So what does "12x Rendering Power" mean?
It means that with XSI Advanced, you can have two master computers for rendering, and each master computer can use up to 6 CPUs to help render frames (2 * 6 = 12). Each of the master computers can use up to two local CPUs for rendering, and up to four satellite computers to help render frames.
Note that multi-core CPUs (dual-core, quad-core) are considered as a single CPU for licensing purposes, and XSI will use all cores on the CPU.
Here's some scenarios showing what 12x Rendering Power might look like in real life.
Scenario 1: Interactive and Batch Rendering with Two Master Computers
In this scenario, you have two dual-CPU master computers, and each master computer has four single-CPU satellite computers.

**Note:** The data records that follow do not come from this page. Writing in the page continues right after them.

Lemma extension_boundary (x y : Z) :
  0 <= x - y <= N -> x - y = 0 \/ x - y = N -> extension x y = 1.
Proof.
  revert x y.
  apply (glide_reduction N
           (fun x y => x - y = 0 \/ x - y = N -> extension x y = 1)).
  - intros x y Hd. rewrite (extension_glide x y Hd).
    split; intros H Hb; apply H; lia.
  - intros x y Hx Hy Hd Hb. rewrite extension_on_triangle by lia.
    destruct Hb as [Hdiag | Htop].
    + replace x with 0 by lia. replace y with 0 by lia. exact t_apex.
    + now apply t_top.
Qed.

Lemma sq_det_extension_quadrant (x y : Z) :
  0 <= x -> y <= 0 -> 1 <= x - y <= N - 1 -> sq_det extension x y = 1.
Proof.
  intros Hx Hy Hd.
  destruct (Z.eq_dec y 0) as [-> | Hy'].
  - (* the upper corners fold back onto the column x = 0 *)
    assert (Hfold : forall x', 1 <= x' <= N ->
              extension x' 1 = t 0 (x' - N - 1)).
    { intros x' Hx'.
      rewrite <- (extension_on_triangle 0 (x' - N - 1)) by lia.
      rewrite (extension_glide 0 (x' - N - 1)) by lia.
      f_equal; ring. }
    unfold sq_det. replace (0 + 1) with 1 by ring.
    rewrite (Hfold x), (Hfold (x + 1)), !extension_on_triangle by lia.
    replace (x + 1 - N - 1) with (x - N) by ring.
    apply folded_square. lia.
  - unfold sq_det. rewrite !extension_on_triangle by lia.
    apply t_det; lia.
Qed.

Lemma sq_det_extension (x y : Z) :
  1 <= x - y <= N - 1 -> sq_det extension x y = 1.
Proof.
  intros Hd.
  apply (glide_reduction N
    (fun x y => 1 <= x - y <= N - 1 -> sq_det extension x y = 1));
    [| | lia | exact Hd].
  - intros x' y' Hd'.
    split; intros H Hsq.
    + rewrite <- sq_det_extension_glide by lia. apply H. lia.
    + rewrite sq_det_extension_glide by lia. apply H. lia.
  - intros x' y' Hx Hy _ Hsq. now apply sq_det_extension_quadrant.
Qed.

Lemma extension_friese : friese 0 N extension.
Proof.
  unfold friese, partial_SL2_tiling, band. split; [split | split].
  - intros x y Hd. now apply extension_pos.
  - intros x y H1 H2 H3 H4. apply sq_det_extension. lia.
  - intros x y Hd. apply extension_boundary; lia.
  - intros x y Hd. apply extension_boundary; lia.
Qed.

End Triangle.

Here's a breakdown of the CPUs:
| 2 | CPUs on a master computer for interactive rendering |
| 4 | CPUs on satellite computers to help with interactive rendering |
| 2 | CPUs on a second master computer for batch rendering |
| 4 | CPUs on satellite computers to help with batch rendering |
| 12 | Total CPUs (4 CPUs on masters, 8 satellite CPUs) |
| If a master computer has only a single CPU, then you lose one CPU. For example, if both the master computers were both single-CPU, then you would have 10x Rendering power.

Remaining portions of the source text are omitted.